> [Requirement] Each line below from the one containing "have : y < (fv_bound" through the one containing "Lemma nth_cap_cons (T" is to be given again exactly, and no line outside that span.

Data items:
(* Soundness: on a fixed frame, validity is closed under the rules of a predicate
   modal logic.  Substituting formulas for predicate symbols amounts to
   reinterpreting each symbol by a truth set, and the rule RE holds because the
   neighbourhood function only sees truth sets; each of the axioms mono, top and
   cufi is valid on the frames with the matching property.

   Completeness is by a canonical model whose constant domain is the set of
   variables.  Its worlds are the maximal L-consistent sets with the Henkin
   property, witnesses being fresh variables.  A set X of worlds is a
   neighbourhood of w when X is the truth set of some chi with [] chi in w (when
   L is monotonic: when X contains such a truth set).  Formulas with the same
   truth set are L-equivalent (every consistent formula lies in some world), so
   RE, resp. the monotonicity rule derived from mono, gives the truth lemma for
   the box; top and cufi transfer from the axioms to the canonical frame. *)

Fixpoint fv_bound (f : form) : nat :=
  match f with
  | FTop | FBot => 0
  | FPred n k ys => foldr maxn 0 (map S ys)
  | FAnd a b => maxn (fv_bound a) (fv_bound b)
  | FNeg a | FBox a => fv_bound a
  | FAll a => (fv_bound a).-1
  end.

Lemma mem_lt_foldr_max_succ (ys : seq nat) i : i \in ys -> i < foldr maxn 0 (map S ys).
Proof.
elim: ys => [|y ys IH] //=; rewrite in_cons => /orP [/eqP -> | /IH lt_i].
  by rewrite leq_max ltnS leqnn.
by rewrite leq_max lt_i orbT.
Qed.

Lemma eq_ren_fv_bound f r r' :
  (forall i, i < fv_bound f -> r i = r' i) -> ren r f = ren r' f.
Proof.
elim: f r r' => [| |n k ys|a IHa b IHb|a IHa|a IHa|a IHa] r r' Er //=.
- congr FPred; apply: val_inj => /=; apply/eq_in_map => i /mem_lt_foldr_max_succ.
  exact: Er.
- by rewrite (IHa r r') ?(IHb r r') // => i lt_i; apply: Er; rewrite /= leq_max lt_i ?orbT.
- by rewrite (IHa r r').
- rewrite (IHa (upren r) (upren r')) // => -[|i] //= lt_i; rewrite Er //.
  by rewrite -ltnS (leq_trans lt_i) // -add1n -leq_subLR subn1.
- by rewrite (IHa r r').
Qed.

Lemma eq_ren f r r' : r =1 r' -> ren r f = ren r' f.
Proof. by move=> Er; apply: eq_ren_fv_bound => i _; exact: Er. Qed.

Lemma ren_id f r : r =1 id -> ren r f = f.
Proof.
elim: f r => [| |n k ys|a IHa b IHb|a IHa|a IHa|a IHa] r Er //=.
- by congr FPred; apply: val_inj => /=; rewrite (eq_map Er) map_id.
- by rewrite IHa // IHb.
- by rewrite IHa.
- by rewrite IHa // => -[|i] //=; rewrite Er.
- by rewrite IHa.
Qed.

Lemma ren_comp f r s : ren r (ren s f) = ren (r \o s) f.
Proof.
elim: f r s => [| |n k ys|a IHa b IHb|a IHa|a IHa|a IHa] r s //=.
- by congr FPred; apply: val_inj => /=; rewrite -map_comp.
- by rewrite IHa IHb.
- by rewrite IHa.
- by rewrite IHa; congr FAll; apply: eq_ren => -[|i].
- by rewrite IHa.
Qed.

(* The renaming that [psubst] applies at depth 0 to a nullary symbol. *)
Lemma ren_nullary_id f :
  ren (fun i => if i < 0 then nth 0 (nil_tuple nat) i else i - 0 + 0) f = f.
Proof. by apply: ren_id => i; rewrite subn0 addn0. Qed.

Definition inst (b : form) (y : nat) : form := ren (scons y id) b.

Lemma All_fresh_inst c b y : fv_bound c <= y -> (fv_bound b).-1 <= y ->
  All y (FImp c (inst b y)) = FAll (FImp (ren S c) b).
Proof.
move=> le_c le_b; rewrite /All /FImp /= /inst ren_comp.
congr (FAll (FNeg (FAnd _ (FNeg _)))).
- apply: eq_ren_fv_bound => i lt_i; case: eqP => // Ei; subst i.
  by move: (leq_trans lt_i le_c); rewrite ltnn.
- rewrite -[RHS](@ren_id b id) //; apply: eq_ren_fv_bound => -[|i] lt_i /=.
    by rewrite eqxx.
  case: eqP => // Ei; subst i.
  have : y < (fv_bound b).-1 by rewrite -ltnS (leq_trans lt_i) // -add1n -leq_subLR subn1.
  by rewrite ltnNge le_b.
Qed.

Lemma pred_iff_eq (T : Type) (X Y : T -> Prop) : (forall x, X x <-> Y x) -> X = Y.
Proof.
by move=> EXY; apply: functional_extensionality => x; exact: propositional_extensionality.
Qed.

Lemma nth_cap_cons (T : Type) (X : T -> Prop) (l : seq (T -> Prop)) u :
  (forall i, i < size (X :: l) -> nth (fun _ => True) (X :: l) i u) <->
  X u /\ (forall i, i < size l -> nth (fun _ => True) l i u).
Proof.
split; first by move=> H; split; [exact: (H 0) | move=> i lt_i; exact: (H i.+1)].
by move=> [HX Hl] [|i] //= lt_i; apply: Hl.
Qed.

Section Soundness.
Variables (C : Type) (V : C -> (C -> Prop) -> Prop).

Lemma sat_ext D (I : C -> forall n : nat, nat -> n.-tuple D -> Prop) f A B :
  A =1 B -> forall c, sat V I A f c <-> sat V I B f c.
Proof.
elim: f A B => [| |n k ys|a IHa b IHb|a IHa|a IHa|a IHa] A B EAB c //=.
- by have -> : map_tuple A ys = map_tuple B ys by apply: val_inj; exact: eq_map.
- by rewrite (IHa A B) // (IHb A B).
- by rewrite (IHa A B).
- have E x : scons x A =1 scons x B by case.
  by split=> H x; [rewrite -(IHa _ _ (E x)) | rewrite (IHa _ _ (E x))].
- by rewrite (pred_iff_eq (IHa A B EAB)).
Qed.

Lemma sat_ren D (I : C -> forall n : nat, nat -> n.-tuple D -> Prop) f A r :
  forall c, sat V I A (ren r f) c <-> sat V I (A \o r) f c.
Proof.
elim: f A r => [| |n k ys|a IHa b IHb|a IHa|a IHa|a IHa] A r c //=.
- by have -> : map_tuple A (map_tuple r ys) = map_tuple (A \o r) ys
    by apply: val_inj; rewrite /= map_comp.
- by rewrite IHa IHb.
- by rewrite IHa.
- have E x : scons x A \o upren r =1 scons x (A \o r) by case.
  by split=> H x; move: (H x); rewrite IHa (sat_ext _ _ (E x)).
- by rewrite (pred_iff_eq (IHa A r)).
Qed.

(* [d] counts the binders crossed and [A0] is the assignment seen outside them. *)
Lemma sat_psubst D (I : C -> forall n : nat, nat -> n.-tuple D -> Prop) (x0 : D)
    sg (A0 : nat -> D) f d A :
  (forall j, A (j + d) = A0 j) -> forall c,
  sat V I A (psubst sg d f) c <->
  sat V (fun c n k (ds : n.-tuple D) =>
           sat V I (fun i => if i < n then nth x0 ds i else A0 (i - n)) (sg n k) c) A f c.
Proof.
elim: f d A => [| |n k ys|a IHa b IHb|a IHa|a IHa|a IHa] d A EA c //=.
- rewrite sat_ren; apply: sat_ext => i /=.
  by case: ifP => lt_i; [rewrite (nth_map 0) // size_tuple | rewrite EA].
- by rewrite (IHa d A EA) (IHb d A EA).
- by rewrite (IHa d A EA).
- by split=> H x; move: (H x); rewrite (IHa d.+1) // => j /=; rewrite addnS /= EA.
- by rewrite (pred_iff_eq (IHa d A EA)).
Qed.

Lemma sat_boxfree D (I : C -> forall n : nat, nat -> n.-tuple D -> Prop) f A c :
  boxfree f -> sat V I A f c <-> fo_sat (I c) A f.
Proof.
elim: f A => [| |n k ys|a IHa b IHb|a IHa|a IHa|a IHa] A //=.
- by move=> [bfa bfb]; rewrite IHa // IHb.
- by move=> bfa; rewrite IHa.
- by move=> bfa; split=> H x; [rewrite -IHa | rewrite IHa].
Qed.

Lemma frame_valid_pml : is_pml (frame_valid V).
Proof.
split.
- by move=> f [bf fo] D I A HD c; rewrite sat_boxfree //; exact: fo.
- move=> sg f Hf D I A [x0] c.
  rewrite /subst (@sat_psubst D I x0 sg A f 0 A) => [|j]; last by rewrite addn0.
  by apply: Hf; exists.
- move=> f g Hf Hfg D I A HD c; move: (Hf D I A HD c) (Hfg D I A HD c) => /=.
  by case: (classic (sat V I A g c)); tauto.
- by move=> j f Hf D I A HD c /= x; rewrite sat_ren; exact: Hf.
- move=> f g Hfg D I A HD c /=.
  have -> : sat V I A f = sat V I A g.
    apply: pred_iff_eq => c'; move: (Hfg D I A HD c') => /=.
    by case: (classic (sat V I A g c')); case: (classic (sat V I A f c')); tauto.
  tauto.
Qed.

* * *

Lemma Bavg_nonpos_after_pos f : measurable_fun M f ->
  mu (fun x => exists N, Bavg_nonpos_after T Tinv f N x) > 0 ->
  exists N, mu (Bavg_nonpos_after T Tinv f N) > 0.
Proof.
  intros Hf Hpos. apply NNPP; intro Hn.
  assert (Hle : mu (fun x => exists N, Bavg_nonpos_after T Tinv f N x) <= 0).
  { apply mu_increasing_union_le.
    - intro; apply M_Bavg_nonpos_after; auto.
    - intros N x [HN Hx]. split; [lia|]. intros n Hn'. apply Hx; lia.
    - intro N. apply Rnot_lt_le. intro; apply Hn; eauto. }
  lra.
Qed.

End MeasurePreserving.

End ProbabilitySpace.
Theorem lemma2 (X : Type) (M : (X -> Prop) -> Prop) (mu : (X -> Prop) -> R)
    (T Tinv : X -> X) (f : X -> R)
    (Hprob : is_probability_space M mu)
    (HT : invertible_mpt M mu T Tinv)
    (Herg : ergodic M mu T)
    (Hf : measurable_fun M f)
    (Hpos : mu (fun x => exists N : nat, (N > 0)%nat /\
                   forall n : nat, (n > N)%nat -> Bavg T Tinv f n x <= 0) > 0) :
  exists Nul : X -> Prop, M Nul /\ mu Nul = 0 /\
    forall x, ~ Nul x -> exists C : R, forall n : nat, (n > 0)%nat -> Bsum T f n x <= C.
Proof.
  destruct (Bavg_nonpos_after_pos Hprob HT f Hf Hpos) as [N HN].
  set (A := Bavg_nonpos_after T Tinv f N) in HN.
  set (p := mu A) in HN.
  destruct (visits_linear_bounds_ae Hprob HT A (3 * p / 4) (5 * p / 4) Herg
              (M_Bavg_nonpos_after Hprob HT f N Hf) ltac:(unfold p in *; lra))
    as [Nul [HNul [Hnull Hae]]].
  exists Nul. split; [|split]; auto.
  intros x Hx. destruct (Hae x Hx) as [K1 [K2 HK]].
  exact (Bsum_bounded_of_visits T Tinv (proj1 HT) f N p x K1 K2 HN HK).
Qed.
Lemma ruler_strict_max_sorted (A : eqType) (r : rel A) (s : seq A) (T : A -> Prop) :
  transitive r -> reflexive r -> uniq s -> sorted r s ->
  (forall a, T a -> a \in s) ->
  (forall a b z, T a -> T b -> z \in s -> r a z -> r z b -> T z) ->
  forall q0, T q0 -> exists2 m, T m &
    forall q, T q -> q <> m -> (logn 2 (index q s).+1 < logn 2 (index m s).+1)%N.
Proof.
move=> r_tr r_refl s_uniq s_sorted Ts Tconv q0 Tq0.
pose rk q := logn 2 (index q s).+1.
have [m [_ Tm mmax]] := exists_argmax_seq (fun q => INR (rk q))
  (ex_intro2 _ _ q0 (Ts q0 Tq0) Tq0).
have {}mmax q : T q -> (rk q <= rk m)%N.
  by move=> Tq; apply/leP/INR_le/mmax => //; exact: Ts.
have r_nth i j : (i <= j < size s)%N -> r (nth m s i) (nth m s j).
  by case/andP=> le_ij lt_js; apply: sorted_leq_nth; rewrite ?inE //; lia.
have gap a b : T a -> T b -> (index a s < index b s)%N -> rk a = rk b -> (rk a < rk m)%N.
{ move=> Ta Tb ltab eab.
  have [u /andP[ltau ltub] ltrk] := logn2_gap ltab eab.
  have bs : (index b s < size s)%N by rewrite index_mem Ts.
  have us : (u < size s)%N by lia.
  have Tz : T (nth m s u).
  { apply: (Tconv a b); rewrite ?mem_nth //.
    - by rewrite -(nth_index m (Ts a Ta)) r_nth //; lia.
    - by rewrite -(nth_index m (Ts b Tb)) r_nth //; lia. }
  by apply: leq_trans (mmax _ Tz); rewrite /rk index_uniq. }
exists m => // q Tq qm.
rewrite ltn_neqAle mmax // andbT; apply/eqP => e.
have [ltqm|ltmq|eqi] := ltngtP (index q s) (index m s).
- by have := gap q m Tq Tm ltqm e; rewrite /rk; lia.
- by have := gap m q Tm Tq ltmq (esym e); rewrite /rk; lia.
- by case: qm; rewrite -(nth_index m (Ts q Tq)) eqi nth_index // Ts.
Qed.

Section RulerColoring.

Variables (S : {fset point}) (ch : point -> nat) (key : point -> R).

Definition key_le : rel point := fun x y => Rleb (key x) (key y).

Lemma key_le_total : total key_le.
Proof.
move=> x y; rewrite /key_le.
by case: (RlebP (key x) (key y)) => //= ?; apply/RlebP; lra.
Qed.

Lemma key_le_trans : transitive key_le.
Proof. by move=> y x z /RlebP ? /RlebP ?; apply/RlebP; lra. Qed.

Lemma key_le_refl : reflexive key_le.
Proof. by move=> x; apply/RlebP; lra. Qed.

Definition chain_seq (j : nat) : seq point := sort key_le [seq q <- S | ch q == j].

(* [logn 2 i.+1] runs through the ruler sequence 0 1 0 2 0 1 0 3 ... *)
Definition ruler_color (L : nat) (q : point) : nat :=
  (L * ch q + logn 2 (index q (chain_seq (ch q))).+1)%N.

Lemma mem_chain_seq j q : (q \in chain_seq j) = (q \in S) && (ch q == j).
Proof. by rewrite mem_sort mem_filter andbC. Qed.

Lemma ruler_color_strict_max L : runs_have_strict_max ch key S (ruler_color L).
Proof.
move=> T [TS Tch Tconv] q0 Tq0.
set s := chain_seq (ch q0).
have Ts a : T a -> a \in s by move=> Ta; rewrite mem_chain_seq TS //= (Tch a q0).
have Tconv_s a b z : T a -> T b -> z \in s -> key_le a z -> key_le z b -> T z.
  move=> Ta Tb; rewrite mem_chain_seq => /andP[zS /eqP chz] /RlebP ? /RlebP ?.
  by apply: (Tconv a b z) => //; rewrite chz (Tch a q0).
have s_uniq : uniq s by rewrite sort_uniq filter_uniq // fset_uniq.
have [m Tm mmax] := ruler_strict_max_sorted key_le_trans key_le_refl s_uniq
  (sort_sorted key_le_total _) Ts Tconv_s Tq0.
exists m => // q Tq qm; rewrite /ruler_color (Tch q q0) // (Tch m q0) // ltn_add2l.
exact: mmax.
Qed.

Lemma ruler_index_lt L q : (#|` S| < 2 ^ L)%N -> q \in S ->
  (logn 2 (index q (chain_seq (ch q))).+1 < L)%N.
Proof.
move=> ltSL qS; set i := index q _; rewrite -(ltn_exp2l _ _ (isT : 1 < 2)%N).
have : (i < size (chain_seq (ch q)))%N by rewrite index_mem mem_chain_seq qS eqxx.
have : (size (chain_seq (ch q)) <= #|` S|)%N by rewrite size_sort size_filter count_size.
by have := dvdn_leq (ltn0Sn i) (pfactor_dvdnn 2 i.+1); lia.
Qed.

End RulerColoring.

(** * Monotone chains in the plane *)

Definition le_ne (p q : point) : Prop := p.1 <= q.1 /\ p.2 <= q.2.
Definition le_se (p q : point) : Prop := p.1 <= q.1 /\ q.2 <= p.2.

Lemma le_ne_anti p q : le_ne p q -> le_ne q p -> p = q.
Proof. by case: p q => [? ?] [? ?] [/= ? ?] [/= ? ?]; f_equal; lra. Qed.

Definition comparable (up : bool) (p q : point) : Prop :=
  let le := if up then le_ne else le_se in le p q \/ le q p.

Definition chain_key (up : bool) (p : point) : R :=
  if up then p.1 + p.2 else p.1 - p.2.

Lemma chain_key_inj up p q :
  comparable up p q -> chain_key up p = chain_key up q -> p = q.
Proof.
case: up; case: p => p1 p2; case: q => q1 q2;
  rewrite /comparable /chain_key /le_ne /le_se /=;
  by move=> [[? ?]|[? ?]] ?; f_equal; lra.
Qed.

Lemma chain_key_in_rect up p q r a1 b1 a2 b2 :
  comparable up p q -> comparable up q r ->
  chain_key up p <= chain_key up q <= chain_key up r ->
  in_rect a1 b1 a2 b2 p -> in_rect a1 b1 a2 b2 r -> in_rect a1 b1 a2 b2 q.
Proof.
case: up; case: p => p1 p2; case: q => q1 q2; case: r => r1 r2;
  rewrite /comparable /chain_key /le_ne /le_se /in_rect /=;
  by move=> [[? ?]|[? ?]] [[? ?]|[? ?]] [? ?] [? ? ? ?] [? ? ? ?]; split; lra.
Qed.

> [Problem solution]
  have : y < (fv_bound b).-1 by rewrite -ltnS (leq_trans lt_i) // -add1n -leq_subLR subn1.
  by rewrite ltnNge le_b.
Qed.

Lemma pred_iff_eq (T : Type) (X Y : T -> Prop) : (forall x, X x <-> Y x) -> X = Y.
Proof.
by move=> EXY; apply: functional_extensionality => x; exact: propositional_extensionality.
Qed.

Lemma nth_cap_cons (T : Type) (X : T -> Prop) (l : seq (T -> Prop)) u :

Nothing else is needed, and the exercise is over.